Einem Dutzend wurden durch die Wucht der beiden im Abstand von wenigen Sekunden gezündeten Sprengsätze, die metallene Splitter und Kugeln enthielten, Arme oder Beine abgetrennt. Rund 20 Menschen schwebten am Abend in Lebensgefahr, berichteten die Behörden unter Berufung auf Ärzte in mehreren Krankenhäusern. Die Betroffenen sind zwischen 2 und 62 Jahren alt.

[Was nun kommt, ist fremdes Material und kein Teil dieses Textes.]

(* Let $X$ be a Banach space. Then the following are equivalent: (i) $X$ has weak normal structure; (ii) every orbitally Kannan mapping which diminishes the radius of orbits, defined on a weakly compact convex subset of $X$ into itself, has a (unique) fixed point.
   Context: For $x\in X$ and $A\subseteq X$, $r_x(A)=\sup\{\|x-y\|:y\in A\}$ and $\delta(A)$ is the diameter; $O_T(x)=\{x,Tx,T^2x,\dots\}$. A map $T:C\to C$ is orbitally Kannan if $\|Tx-Ty\|\le\frac12\big(r_x(O_T(x))+r_y(O_T(y))\big)$ for all $x,y\in C$, and diminishes the radius of orbits if $r_{Tx}(O_T(Tx))\le r_x(O_T(x))$ for all $x\in C$. $X$ has weak normal structure if every weakly compact convex subset $K$ of $X$ with more than one point has normal structure: for every closed convex $K_0\subseteq K$ with $\delta(K_0)>0$ there is $x_0\in K_0$ with $r_{x_0}(K_0)<\delta(K_0)$. *)

From HB Require Import structures.
From mathcomp Require Import all_boot all_order all_algebra.
From mathcomp Require Import all_classical all_reals all_analysis.
From Stdlib Require List.
Set Implicit Arguments. Unset Strict Implicit. Unset Printing Implicit Defensive.
Import Order.TTheory GRing.Theory Num.Theory.
Import numFieldNormedType.Exports.
Local Open Scope classical_set_scope.
Local Open Scope ring_scope.

Section Defs.
Context {R : realType} {X : normedModType R}.

Definition rad (x : X) (A : set X) : R := sup [set `|x - y| | y in A].

Definition diam (A : set X) : R :=
  sup [set `|x - y| | x in A & y in A].

Definition orbit (T : X -> X) (x : X) : set X := range (fun n : nat => iter n T x).

Definition convex_set_of (A : set X) : Prop :=
  forall (x y : X) (t : R), A x -> A y -> 0 <= t -> t <= 1 -> A (t *: x + (1 - t) *: y).

Definition dual_functional (f : X -> R) : Prop :=
  (forall (a : R) (x y : X), f (a *: x + y) = a * f x + f y) /\ continuous f.

Definition weak_open (U : set X) : Prop :=
  forall x, U x -> exists (fs : seq (X -> R)) (e : R),
    [/\ forall f, f \in fs -> dual_functional f, 0 < e &
        [set y | forall f, f \in fs -> `|f y - f x| < e] `<=` U].

Definition weakly_compact (K : set X) : Prop :=
  forall (I : Type) (U : I -> set X),
    (forall i, weak_open (U i)) -> K `<=` \bigcup_i U i ->
    exists s : seq I, K `<=` [set x | exists2 i, Stdlib.Lists.List.In i s & U i x].

Definition normal_structure (K : set X) : Prop :=
  forall K0 : set X, K0 `<=` K -> closed K0 -> convex_set_of K0 -> 0 < diam K0 ->
    exists2 x0, K0 x0 & rad x0 K0 < diam K0.

Definition weak_normal_structure : Prop :=
  forall K : set X, weakly_compact K -> convex_set_of K ->
    (exists x y, [/\ K x, K y & x <> y]) -> normal_structure K.

Definition orbitally_Kannan (C : set X) (T : X -> X) : Prop :=
  forall x y, C x -> C y ->
    `|T x - T y| <= (rad x (orbit T x) + rad y (orbit T y)) / 2.

Definition diminishes_radius_of_orbits (C : set X) (T : X -> X) : Prop :=
  forall x, C x -> rad (T x) (orbit T (T x)) <= rad x (orbit T x).

End Defs.

From mathcomp Require Import all_boot all_order all_algebra.
From mathcomp Require Import all_classical all_reals all_analysis.
From mathcomp Require Import lra.
Import Order.TTheory GRing.Theory Num.Theory.
Import numFieldNormedType.Exports.
Local Open Scope classical_set_scope.
Local Open Scope ring_scope.
Set Implicit Arguments. Unset Strict Implicit. Unset Printing Implicit Defensive.

(* (i) -> (ii).  Let [f x] be the radius of the orbit of [x] and [lam] the
   infimum of [f] on [C].  The closed convex hulls [K k] of the images under [T]
   of the sets [f <= lam + 1 / (k + 1)] decrease, lie in [C] and are weakly
   closed, so by weak compactness their intersection [Kinf] is nonempty.  The
   Kannan inequality puts [K k] in the ball of centre [T w] and radius
   [(f w + lam + 1 / (k + 1)) / 2] for every [w] in [C]; hence [f = lam] on
   [Kinf], [Kinf] is [T]-invariant and has diameter at most [lam].  If
   [lam > 0], normal structure gives [z] in [Kinf] with
   [r_z(Kinf) < diam Kinf <= lam = f z <= r_z(Kinf)].  So [lam = 0] and the
   points of [Kinf] are fixed; the Kannan inequality makes the fixed point
   unique.

   (ii) -> (i).  A closed convex [K0] of diameter [d > 0] without normal
   structure consists of diametral points, which allows one to choose
   [z_0, z_1, ...] in [K0] with [z_(n+1)] at distance [> d - d / (n + 2)] from
   the convex hull of [z_0, ..., z_n].  On the closed convex hull of this
   sequence, the shift [z_k |-> z_(k+1)] (all other points going to [z_0])
   has all orbit radii equal to [d], so it is orbitally Kannan and
   diminishes the radius of orbits, but it has no fixed point.  That hull is
   weakly compact because closed convex sets are weakly closed
   (Hahn-Banach). *)

Section LinearFunctionals.
Context {R : realType} {X : normedModType R}.

Definition linear_functional (phi : X -> R) : Prop :=
  forall a x y, phi (a *: x + y) = a * phi x + phi y.

Definition sublinear (q : X -> R) : Prop :=
  (forall x y, q (x + y) <= q x + q y) /\
  (forall t x, 0 < t -> q (t *: x) = t * q x).

Lemma linear_functional0 phi : linear_functional phi -> phi 0 = 0.
Proof. by move=> lin; have := lin 1 0 0; rewrite scale1r addr0 mul1r; lra. Qed.

Lemma linear_functionalB phi : linear_functional phi ->
  forall x y, phi (x - y) = phi x - phi y.
Proof.
by move=> lin x y; have := lin (-1) y x; rewrite scaleN1r mulN1r addrC [in RHS]addrC.
Qed.

Lemma sublinear0 q : sublinear q -> q 0 = 0.
Proof.
move=> [_ qZ]; have two_gt0 : (0 : R) < 2 by rewrite ltr0n.
by have := qZ 2 0 two_gt0; rewrite scaler0; lra.
Qed.

Lemma bounded_linear_continuous phi : linear_functional phi ->
  (forall x, `|phi x| <= `|x|) -> continuous phi.
Proof.
move=> lin bd x; apply/cvgrPdist_lt => e e0; near=> y.
rewrite -linear_functionalB //; apply: le_lt_trans (bd _) _.
near: y; apply: filterS (nbhsx_ballx x e e0) => y.
by rewrite -ball_normE.
Unshelve. all: by end_near.
Qed.

Definition dominated_linear_graph (q : X -> R) (G : set (X * R)) : Prop :=
  [/\ forall x a b, G (x, a) -> G (x, b) -> a = b,
      forall t x a y b, G (x, a) -> G (y, b) -> G (t *: x + y, t * a + b) &
      forall x a, G (x, a) -> a <= q x].

Lemma dominated_linear_graph_chain q (F : set (set (X * R))) :
  F `<=` dominated_linear_graph q -> total_on F subset ->
  dominated_linear_graph q (\bigcup_(G in F) G).
Proof.
move=> FP Ftot.
have common G1 G2 : F G1 -> F G2 -> exists G, [/\ F G, G1 `<=` G & G2 `<=` G].
  by move=> F1 F2; case: (Ftot _ _ F1 F2) => sub; [exists G2 | exists G1]; split.
split.
- move=> x a b [G1 F1 G1a] [G2 F2 G2b].
  have [G [FG s1 s2]] := common _ _ F1 F2.
  by case: (FP _ FG) => fun_G _ _; apply: (fun_G x); [apply: s1 | apply: s2].
- move=> t x a y b [G1 F1 G1a] [G2 F2 G2b].
  have [G [FG s1 s2]] := common _ _ F1 F2.
  by exists G => //; case: (FP _ FG) => _ lin _; apply: lin; [apply: s1 | apply: s2].
- by move=> x a [G FG Ga]; case: (FP _ FG) => _ _ dom; apply: dom.
Qed.

Section Extension.
Variables (q : X -> R) (G : set (X * R)) (v : X).
Hypotheses (subq : sublinear q) (domG : dominated_linear_graph q G) (G00 : G (0, 0)).

Lemma dominated_linear_graphZ s x a : G (x, a) -> G (s *: x, s * a).
Proof. by case: domG => _ lin _ Gxa; have := lin s x a 0 0 Gxa G00; rewrite !addr0. Qed.

(* An extension with value [c] at [v] stays below [q] iff
   [a - q (x - v) <= c <= q (x + v) - a] on [G]; by sublinearity every such
   lower bound is below every such upper bound. *)
Lemma extension_value : exists c, forall x a, G (x, a) ->
  a - q (x - v) <= c /\ c <= q (x + v) - a.
Proof.
case: domG => _ lin dom; case: subq => qD _.
have bnd x a y b : G (x, a) -> G (y, b) -> a - q (x - v) <= q (y + v) - b.
  move=> Gxa Gyb; have := dom _ _ (lin 1 x a y b Gxa Gyb).
  rewrite scale1r mul1r; have := qD (x - v) (y + v).
  by rewrite addrACA addNr addr0; lra.
pose E := [set r | exists x a, G (x, a) /\ r = a - q (x - v)].
have E0 : E !=set0 by exists (0 - q (0 - v)), 0, 0.
have Eub : has_ubound E.
  by exists (q (0 + v) - 0) => _ [x [a [Gxa ->]]]; apply: bnd.
exists (sup E) => x a Gxa; split.
  by apply: ub_le_sup => //; exists x, a.
by apply: ge_sup => // _ [y [b [Gyb ->]]]; apply: bnd.
Qed.

Lemma dominated_linear_graph_extend : ~ (exists a, G (v, a)) ->
  exists2 G', G `<` G' & dominated_linear_graph q G'.
Proof.
move=> Gv; case: (domG) => fun_G lin dom; case: subq => _ qZ.
have [c hc] := extension_value.
exists [set z | exists t x a, G (x, a) /\ z = (x + t *: v, a + t * c)].
  split; first by move=> [x a] Gxa; exists 0, x, a; rewrite scale0r mul0r !addr0.
  move=> GG'; apply: Gv; exists c.
  by apply: GG'; exists 1, 0, 0; rewrite scale1r mul1r !add0r.
split.
- move=> _ a1 a2 [t1 [x1 [b1 [G1 [-> ->]]]]] [t2 [x2 [b2 [G2 [e2 ->]]]]].
  have [e12|t12] := eqVneq t1 t2.
    rewrite -e12 in e2 *; have ex : x1 = x2 by apply: (addIr (t1 *: v)).
    by rewrite ex in G1; rewrite (fun_G _ _ _ G1 G2).
  exfalso; apply: Gv; exists ((t1 - t2)^-1 * (- b1 + b2)).
  have -> : v = (t1 - t2)^-1 *: ((-1) *: x1 + x2).
    have -> : (-1) *: x1 + x2 = (t1 - t2) *: v.
      have -> : x2 = x1 + t1 *: v - t2 *: v by rewrite e2 addrK.
      by rewrite scaleN1r -addrA addKr scalerBl.
    by rewrite scalerA mulVf ?scale1r // subr_eq0.
  have := dominated_linear_graphZ ((t1 - t2)^-1) (lin (-1) x1 b1 x2 b2 G1 G2).
  by rewrite mulN1r.
- move=> s _ _ _ _ [t1 [x1 [a1 [G1 [-> ->]]]]] [t2 [x2 [a2 [G2 [-> ->]]]]].
  exists (s * t1 + t2), (s *: x1 + x2), (s * a1 + a2); split; first exact: lin.
  congr pair; first by rewrite scalerDr scalerA scalerDl addrACA.
  by rewrite mulrDr mulrDl mulrA addrACA.
- move=> _ _ [t [x [a [Gxa [-> ->]]]]].
  have [t0|t0|->] := ltgtP t 0; last by rewrite scale0r mul0r !addr0; apply: dom.
  + have s0 : 0 < - t by rewrite oppr_gt0.
    have := (hc _ _ (dominated_linear_graphZ ((- t)^-1) Gxa)).1.
    rewrite -(ler_pM2l s0) mulrBr mulrA mulfV ?gt_eqF // mul1r -qZ //.
    rewrite scalerBr scalerA mulfV ?gt_eqF // scale1r scaleNr opprK; lra.
  + have := (hc _ _ (dominated_linear_graphZ t^-1 Gxa)).2.
    rewrite -(ler_pM2l t0) mulrBr mulrA mulfV ?gt_eqF // mul1r -qZ //.
    rewrite scalerDr scalerA mulfV ?gt_eqF // scale1r; lra.
Qed.

End Extension.

Theorem hahn_banach q : sublinear q ->
  exists phi, linear_functional phi /\ forall x, phi x <= q x.
Proof.
move=> subq.
have [G [domG maxG]] := Zorn_bigcup (@dominated_linear_graph_chain q).
case: (domG) => fun_G lin dom.
have G00 : G (0, 0).
  case: (pselect (exists xa, G xa)) => [[[x a] Gxa]|G0].
    by have := lin (-1) x a x a Gxa Gxa; rewrite scaleN1r mulN1r !addNr.
  exfalso; apply: (maxG [set (0, 0)]).
    split; first by move=> xa Gxa; exfalso; apply: G0; exists xa.
    by move=> /(_ (0, 0) erefl) G00; apply: G0; exists (0, 0).
  split; [by move=> x a b [-> ->] [->] | | by move=> x a [-> ->]; rewrite sublinear0].
  by move=> t x a y b [-> ->] [-> ->]; rewrite scaler0 mulr0 !add0r.
have total x : exists a, G (x, a).
  apply: contrapT => Gx.
  have [G' GG' domG'] := dominated_linear_graph_extend subq domG G00 Gx.
  exact: maxG GG' domG'.
have [phi Gphi] := choice total.
exists phi; split => [a x y|x]; last exact: dom.
by apply: (fun_G (a *: x + y)); [exact: Gphi | exact: lin].
Qed.

End LinearFunctionals.

Section Separation.
Context {R : realType} {X : normedModType R}.
Variables (S : set X) (p s0 : X) (r : R).
Hypotheses (r_gt0 : 0 < r) (convS : convex_set_of S) (S_s0 : S s0)
  (S_far : forall s, S s -> r <= `|s - p|).

Let gauge_set x := [set y | exists t s, [/\ 0 <= t, S s &
                              y = `|x + t *: (s - p)| - t * (r / 2)]].

(* Sublinear, below the norm and [<= - r / 2] on [p - S]: a linear functional
   below it separates [p] from [S]. *)
Let gauge x := inf (gauge_set x).

Let gauge_set_lb x y : gauge_set x y -> - `|x| <= y.
Proof.
move=> [t [s [t0 Ss ->]]].
have tr_le : t * r <= t * `|s - p| by rewrite ler_wpM2l // S_far.
have tr_ge0 : 0 <= t * r by rewrite mulr_ge0 // ltW.
have normZ : `|t *: (s - p)| = t * `|s - p| by rewrite normrZ ger0_norm.
have : `|t *: (s - p)| <= `|x + t *: (s - p)| + `|x|.
  by rewrite (le_trans _ (ler_normB _ _)) // addrAC subrr add0r.
lra.
Qed.

Let gauge_le x y : gauge_set x y -> gauge x <= y.
Proof. by move=> Qy; apply: ge_inf => //; exists (- `|x|); apply: gauge_set_lb. Qed.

Bomben explodierten nahe der Ziellinie

Die beiden Sprengsätze waren am Montag gegen 14.45 Uhr Ortszeit nahe der Ziellinie an der Boylston Street in der Innenstadt Bostons explodiert, als Dutzende Hobby-Läufer gerade die Ziellinie überquerten. Die weltbesten Marathon-Asse waren zu diesem Zeitpunkt bereits unter der Dusche.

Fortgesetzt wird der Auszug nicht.